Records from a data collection
════════
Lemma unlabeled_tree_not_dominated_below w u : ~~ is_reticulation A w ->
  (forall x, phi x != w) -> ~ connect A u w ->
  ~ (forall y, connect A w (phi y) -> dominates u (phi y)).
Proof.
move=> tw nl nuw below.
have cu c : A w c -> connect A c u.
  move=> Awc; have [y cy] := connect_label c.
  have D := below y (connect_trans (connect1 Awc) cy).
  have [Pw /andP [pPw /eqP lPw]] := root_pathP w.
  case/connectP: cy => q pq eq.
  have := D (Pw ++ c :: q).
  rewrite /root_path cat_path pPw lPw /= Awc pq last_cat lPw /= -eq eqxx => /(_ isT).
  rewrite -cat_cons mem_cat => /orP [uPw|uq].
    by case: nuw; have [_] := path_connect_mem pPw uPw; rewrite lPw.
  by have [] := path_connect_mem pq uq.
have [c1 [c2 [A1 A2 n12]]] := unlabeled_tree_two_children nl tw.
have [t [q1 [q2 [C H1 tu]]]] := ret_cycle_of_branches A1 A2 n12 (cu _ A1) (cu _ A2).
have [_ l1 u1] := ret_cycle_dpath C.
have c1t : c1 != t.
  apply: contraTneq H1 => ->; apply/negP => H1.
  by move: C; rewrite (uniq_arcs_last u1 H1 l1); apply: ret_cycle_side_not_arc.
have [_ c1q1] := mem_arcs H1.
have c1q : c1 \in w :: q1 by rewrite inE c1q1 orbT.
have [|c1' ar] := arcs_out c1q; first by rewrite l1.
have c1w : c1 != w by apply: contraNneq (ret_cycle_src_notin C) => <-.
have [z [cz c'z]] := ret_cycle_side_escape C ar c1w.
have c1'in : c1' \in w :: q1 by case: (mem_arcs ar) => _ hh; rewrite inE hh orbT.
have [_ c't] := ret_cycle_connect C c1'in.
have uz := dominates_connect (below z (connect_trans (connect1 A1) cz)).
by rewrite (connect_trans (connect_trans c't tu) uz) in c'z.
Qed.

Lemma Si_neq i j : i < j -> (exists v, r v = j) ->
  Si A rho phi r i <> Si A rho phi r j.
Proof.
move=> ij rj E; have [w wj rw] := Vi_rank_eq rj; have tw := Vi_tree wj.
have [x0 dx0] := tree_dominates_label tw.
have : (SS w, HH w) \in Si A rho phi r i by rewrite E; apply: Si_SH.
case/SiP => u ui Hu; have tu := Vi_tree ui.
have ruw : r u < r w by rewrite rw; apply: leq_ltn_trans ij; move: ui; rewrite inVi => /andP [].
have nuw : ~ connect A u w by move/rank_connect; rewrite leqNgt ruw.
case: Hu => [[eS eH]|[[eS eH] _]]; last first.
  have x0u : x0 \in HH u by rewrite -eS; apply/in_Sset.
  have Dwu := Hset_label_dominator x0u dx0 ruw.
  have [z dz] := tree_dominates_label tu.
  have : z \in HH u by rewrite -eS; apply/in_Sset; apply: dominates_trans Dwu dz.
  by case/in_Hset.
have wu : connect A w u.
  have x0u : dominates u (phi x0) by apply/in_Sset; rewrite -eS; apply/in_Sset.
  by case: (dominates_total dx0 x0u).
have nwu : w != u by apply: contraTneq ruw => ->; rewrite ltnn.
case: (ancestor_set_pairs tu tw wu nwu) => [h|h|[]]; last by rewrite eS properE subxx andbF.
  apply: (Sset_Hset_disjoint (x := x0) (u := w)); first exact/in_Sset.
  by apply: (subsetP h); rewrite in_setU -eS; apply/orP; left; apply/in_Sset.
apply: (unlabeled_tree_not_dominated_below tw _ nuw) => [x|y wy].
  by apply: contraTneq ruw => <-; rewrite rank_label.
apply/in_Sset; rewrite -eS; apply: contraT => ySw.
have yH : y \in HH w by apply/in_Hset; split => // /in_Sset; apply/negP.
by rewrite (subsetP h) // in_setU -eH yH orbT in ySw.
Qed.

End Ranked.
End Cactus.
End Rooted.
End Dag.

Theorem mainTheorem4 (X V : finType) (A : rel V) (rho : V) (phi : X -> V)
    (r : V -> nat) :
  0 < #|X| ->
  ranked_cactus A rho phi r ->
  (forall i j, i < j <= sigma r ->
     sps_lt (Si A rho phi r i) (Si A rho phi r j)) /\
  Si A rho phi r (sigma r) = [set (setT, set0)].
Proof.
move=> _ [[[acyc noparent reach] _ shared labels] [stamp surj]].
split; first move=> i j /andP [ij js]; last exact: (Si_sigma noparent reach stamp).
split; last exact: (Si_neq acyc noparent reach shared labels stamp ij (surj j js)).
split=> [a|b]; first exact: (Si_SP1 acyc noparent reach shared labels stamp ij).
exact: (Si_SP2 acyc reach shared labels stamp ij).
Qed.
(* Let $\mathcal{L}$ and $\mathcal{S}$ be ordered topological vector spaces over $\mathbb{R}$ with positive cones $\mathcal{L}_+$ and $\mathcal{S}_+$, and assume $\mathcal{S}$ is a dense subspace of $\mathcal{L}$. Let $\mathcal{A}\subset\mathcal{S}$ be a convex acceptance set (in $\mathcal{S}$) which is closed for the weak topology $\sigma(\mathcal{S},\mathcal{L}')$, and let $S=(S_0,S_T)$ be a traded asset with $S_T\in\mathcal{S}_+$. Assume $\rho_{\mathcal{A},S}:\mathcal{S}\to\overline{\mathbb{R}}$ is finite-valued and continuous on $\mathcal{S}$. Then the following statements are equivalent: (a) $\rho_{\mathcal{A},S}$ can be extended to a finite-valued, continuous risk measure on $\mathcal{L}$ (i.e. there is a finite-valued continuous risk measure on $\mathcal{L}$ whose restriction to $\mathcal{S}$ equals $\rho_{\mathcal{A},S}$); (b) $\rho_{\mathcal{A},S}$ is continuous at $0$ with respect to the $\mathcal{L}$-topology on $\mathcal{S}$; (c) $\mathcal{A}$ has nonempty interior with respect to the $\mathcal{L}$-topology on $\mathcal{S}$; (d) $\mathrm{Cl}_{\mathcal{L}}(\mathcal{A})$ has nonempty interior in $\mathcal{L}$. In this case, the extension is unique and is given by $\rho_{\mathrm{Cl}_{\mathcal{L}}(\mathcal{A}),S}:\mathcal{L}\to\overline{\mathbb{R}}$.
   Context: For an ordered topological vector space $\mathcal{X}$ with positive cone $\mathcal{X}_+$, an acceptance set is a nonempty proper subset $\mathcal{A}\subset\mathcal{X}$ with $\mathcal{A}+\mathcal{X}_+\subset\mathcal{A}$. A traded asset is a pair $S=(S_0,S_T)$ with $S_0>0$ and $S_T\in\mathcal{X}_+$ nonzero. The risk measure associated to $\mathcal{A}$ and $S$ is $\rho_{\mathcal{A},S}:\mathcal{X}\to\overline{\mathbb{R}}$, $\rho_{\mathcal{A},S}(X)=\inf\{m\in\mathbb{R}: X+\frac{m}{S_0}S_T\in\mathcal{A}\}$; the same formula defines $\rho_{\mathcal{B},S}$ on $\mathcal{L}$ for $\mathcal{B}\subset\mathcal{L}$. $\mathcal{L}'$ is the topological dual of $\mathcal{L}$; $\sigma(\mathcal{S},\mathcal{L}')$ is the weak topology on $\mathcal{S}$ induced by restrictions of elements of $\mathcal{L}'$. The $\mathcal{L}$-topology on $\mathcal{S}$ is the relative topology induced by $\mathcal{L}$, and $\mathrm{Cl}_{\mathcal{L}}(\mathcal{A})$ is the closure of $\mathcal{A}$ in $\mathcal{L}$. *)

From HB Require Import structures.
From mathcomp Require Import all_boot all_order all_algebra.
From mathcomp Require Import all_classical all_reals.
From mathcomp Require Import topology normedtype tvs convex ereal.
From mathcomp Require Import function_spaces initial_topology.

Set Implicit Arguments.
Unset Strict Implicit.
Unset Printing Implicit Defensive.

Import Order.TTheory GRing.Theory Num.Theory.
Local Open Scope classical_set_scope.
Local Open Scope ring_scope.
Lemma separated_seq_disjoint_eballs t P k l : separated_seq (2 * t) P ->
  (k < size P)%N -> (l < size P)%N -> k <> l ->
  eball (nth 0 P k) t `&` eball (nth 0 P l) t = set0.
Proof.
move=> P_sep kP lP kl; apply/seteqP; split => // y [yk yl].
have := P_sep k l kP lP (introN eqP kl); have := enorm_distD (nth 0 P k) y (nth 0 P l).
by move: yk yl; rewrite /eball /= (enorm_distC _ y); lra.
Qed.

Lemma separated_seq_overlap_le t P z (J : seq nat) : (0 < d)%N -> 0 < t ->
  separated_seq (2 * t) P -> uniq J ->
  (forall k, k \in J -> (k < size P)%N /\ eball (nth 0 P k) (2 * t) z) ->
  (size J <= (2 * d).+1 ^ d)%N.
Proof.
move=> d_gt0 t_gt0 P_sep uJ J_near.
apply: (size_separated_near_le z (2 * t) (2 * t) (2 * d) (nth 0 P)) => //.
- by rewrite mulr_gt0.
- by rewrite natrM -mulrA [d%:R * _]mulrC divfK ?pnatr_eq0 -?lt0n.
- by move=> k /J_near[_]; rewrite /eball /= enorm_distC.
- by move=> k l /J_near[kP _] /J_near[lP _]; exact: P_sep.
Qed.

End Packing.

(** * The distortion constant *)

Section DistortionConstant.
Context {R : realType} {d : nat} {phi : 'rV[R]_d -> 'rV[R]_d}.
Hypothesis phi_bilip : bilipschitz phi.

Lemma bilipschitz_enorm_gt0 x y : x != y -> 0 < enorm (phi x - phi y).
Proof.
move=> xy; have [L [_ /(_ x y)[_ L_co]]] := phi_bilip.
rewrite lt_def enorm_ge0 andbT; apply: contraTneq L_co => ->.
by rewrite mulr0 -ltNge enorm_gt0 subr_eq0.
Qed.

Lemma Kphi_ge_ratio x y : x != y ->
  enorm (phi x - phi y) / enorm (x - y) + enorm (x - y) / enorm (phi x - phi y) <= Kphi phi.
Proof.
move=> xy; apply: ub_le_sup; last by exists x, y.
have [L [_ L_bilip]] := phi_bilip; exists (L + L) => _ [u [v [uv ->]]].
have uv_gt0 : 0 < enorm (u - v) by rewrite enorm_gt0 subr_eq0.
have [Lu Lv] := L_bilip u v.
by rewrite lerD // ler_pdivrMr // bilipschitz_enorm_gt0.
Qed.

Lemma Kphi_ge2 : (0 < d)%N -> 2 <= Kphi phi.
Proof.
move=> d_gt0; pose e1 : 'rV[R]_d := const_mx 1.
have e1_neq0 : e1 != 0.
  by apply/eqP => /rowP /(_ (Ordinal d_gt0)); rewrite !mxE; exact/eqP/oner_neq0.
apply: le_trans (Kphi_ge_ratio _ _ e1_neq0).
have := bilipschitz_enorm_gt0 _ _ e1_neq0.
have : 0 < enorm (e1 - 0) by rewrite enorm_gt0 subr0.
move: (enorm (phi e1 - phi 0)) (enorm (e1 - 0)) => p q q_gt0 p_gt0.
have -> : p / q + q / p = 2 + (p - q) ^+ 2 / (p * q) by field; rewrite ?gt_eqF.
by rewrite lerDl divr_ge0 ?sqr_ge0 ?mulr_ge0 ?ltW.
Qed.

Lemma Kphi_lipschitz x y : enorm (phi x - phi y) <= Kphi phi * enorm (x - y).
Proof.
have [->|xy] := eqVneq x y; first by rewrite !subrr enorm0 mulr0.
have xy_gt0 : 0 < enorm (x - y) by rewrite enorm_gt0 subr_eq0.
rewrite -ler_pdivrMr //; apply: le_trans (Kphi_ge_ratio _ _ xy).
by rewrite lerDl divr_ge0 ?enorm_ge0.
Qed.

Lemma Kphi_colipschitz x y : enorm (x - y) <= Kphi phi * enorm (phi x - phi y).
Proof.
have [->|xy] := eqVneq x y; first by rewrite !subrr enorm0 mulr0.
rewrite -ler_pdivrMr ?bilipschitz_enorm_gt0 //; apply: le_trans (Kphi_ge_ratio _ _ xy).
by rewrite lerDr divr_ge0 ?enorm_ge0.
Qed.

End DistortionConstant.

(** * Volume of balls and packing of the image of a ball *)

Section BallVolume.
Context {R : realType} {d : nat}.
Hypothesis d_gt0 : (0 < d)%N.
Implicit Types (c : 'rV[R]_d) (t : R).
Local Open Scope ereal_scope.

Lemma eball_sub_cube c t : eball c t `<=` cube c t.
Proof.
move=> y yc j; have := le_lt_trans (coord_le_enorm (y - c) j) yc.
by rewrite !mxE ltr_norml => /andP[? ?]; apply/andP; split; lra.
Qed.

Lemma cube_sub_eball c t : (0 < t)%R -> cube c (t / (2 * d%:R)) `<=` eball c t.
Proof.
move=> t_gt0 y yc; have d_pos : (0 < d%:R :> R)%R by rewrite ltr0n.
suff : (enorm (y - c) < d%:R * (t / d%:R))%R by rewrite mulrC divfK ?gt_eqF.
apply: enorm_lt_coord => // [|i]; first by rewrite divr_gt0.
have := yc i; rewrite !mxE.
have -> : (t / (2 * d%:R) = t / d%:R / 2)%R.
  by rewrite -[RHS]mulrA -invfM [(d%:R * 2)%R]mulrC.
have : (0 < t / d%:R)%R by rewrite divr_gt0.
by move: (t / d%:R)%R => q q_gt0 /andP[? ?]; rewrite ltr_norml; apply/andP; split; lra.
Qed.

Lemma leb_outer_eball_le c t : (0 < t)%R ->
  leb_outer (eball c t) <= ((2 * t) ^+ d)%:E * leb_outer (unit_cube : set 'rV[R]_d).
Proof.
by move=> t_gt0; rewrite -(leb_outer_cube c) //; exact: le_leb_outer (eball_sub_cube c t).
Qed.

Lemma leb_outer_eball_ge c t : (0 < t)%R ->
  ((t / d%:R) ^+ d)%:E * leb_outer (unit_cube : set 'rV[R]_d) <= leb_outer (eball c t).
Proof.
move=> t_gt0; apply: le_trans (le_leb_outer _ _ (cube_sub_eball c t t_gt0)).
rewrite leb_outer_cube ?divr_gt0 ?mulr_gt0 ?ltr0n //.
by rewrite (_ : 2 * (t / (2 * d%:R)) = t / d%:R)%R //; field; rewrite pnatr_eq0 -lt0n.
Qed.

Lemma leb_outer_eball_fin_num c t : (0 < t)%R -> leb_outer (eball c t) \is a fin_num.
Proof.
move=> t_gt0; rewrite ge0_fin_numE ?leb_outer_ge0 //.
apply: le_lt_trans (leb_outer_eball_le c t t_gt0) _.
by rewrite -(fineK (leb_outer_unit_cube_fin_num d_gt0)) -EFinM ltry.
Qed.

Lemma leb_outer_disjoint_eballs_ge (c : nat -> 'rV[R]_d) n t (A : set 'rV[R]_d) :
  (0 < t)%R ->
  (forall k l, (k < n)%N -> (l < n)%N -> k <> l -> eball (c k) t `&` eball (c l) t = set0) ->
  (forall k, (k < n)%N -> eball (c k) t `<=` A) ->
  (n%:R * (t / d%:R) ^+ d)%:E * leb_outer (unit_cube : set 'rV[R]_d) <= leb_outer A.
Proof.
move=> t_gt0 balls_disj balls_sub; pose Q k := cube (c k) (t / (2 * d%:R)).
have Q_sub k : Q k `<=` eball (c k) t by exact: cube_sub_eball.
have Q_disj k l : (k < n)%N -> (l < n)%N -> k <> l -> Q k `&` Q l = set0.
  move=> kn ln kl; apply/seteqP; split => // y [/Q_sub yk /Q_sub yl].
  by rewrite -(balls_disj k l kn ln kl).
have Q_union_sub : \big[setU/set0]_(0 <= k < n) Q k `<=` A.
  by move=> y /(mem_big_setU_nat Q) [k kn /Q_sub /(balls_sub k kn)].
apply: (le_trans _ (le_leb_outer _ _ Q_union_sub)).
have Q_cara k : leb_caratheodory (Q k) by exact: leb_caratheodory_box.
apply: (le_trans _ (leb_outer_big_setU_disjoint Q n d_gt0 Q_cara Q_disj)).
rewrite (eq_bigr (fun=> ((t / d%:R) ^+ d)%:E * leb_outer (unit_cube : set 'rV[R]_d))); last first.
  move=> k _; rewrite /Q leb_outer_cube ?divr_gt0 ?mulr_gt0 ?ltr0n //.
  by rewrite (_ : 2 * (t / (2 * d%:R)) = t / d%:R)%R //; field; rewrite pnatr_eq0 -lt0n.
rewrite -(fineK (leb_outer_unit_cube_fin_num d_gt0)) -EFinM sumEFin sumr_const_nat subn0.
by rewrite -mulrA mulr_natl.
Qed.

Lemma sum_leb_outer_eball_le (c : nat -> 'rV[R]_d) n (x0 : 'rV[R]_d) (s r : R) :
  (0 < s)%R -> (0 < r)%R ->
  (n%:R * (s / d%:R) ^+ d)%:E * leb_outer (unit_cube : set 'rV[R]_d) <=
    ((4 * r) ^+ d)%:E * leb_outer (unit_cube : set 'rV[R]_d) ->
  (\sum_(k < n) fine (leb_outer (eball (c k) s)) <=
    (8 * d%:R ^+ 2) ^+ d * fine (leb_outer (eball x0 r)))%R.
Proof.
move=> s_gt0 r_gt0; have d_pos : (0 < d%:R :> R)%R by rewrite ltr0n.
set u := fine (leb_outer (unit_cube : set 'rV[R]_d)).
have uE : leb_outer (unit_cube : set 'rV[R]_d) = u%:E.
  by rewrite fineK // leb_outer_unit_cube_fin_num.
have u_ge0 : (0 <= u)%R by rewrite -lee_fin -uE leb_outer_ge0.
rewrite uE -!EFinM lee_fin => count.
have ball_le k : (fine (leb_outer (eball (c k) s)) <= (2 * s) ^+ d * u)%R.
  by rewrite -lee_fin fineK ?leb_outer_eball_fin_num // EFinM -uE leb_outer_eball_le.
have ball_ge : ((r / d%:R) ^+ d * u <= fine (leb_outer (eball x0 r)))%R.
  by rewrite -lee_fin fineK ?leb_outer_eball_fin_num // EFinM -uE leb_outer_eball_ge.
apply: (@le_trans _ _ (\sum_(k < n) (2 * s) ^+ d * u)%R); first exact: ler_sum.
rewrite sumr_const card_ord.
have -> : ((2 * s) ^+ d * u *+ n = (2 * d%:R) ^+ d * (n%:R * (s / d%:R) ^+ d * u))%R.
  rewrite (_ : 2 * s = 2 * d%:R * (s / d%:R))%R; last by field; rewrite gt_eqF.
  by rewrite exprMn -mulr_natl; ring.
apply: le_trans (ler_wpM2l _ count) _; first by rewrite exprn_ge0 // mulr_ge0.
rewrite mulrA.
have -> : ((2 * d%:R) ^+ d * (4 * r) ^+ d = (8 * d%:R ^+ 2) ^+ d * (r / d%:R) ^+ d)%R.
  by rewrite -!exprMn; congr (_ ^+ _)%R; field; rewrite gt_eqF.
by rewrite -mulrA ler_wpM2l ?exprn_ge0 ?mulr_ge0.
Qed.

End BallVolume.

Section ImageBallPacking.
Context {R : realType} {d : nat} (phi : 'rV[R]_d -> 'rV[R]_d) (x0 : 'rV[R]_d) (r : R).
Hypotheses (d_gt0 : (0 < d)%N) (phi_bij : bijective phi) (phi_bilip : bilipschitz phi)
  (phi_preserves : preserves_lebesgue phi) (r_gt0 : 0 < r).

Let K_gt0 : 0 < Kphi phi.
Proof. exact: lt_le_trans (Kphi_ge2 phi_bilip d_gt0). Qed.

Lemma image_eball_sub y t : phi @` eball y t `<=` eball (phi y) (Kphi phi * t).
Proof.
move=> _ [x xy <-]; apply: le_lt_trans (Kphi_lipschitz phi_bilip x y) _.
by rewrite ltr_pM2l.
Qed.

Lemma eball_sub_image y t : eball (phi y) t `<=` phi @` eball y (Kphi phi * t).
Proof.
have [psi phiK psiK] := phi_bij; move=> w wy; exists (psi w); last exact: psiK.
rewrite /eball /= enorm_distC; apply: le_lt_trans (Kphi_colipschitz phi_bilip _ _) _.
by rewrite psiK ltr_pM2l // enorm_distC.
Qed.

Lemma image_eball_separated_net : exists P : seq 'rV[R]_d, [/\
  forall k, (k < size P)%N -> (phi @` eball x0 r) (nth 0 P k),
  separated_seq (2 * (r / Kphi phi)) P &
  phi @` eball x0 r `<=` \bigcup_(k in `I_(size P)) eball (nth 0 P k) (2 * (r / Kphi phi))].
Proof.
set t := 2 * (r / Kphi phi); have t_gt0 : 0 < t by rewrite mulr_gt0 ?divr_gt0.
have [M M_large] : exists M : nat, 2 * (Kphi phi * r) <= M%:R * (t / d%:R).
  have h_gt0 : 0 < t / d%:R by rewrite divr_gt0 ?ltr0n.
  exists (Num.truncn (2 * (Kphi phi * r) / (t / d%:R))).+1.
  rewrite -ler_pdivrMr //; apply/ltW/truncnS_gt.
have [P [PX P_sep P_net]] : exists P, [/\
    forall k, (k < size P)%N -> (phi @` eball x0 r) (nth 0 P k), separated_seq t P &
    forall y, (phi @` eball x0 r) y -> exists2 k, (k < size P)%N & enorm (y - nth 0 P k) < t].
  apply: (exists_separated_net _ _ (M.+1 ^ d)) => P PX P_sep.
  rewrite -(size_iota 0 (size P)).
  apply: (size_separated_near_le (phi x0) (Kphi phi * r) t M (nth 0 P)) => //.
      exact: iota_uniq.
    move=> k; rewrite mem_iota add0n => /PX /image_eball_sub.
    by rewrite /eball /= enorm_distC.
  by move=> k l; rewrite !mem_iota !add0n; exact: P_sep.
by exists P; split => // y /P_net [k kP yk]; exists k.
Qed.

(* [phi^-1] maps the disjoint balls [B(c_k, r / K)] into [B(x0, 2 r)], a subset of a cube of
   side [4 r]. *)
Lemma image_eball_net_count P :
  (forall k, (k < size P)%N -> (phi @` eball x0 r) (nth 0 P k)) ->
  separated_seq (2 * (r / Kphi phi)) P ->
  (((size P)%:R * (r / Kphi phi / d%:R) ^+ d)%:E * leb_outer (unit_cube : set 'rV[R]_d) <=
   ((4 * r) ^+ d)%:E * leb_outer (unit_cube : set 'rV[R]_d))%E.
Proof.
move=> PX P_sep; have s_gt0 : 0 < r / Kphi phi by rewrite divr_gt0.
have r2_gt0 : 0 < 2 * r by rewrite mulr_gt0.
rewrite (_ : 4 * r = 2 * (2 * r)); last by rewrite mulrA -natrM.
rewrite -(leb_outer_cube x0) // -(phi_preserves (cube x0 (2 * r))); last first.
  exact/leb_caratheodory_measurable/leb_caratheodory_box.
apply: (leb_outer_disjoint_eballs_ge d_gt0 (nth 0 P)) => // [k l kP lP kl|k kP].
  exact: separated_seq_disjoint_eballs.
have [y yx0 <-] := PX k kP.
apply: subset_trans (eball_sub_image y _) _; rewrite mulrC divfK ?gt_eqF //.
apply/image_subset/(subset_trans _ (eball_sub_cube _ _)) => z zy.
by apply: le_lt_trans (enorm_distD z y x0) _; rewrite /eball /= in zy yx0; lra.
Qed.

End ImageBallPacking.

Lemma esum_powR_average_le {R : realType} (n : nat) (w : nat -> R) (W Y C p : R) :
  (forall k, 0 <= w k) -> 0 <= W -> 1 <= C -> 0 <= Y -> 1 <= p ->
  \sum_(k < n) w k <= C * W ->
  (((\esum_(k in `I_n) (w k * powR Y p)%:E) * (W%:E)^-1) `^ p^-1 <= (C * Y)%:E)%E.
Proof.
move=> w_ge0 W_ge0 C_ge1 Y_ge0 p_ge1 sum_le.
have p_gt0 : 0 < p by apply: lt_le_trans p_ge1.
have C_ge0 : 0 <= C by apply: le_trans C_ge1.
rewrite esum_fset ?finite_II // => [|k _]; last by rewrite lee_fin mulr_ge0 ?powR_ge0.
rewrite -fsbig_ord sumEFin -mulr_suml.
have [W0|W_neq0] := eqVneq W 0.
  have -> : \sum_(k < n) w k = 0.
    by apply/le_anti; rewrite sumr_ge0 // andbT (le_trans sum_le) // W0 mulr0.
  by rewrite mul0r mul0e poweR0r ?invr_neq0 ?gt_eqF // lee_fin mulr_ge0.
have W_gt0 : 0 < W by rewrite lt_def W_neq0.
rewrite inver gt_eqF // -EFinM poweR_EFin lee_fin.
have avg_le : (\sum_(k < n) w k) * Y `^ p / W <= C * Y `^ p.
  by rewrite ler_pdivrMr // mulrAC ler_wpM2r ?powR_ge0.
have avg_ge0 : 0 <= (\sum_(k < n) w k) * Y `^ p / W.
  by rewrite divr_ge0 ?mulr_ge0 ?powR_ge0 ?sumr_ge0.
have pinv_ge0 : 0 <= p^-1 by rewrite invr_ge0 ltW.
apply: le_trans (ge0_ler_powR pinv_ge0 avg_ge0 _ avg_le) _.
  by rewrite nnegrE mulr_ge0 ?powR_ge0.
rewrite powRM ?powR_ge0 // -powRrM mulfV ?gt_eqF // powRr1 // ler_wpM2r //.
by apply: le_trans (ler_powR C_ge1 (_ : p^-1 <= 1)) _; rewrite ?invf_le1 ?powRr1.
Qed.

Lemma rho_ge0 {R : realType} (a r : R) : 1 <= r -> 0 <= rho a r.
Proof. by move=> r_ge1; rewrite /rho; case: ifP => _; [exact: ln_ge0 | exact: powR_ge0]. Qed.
════════
### Work to complete:
Only those lines of the entries above that run from the line containing "by rewrite -(balls_disj k l kn ln kl)." to the line containing "move=> k _;", both included, should be transcribed exactly.

### Result of the exercise:
  by rewrite -(balls_disj k l kn ln kl).
have Q_union_sub : \big[setU/set0]_(0 <= k < n) Q k `<=` A.
  by move=> y /(mem_big_setU_nat Q) [k kn /Q_sub /(balls_sub k kn)].
apply: (le_trans _ (le_leb_outer _ _ Q_union_sub)).
have Q_cara k : leb_caratheodory (Q k) by exact: leb_caratheodory_box.
apply: (le_trans _ (leb_outer_big_setU_disjoint Q n d_gt0 Q_cara Q_disj)).
rewrite (eq_bigr (fun=> ((t / d%:R) ^+ d)%:E * leb_outer (unit_cube : set 'rV[R]_d))); last first.
  move=> k _; rewrite /Q leb_outer_cube ?divr_gt0 ?mulr_gt0 ?ltr0n //.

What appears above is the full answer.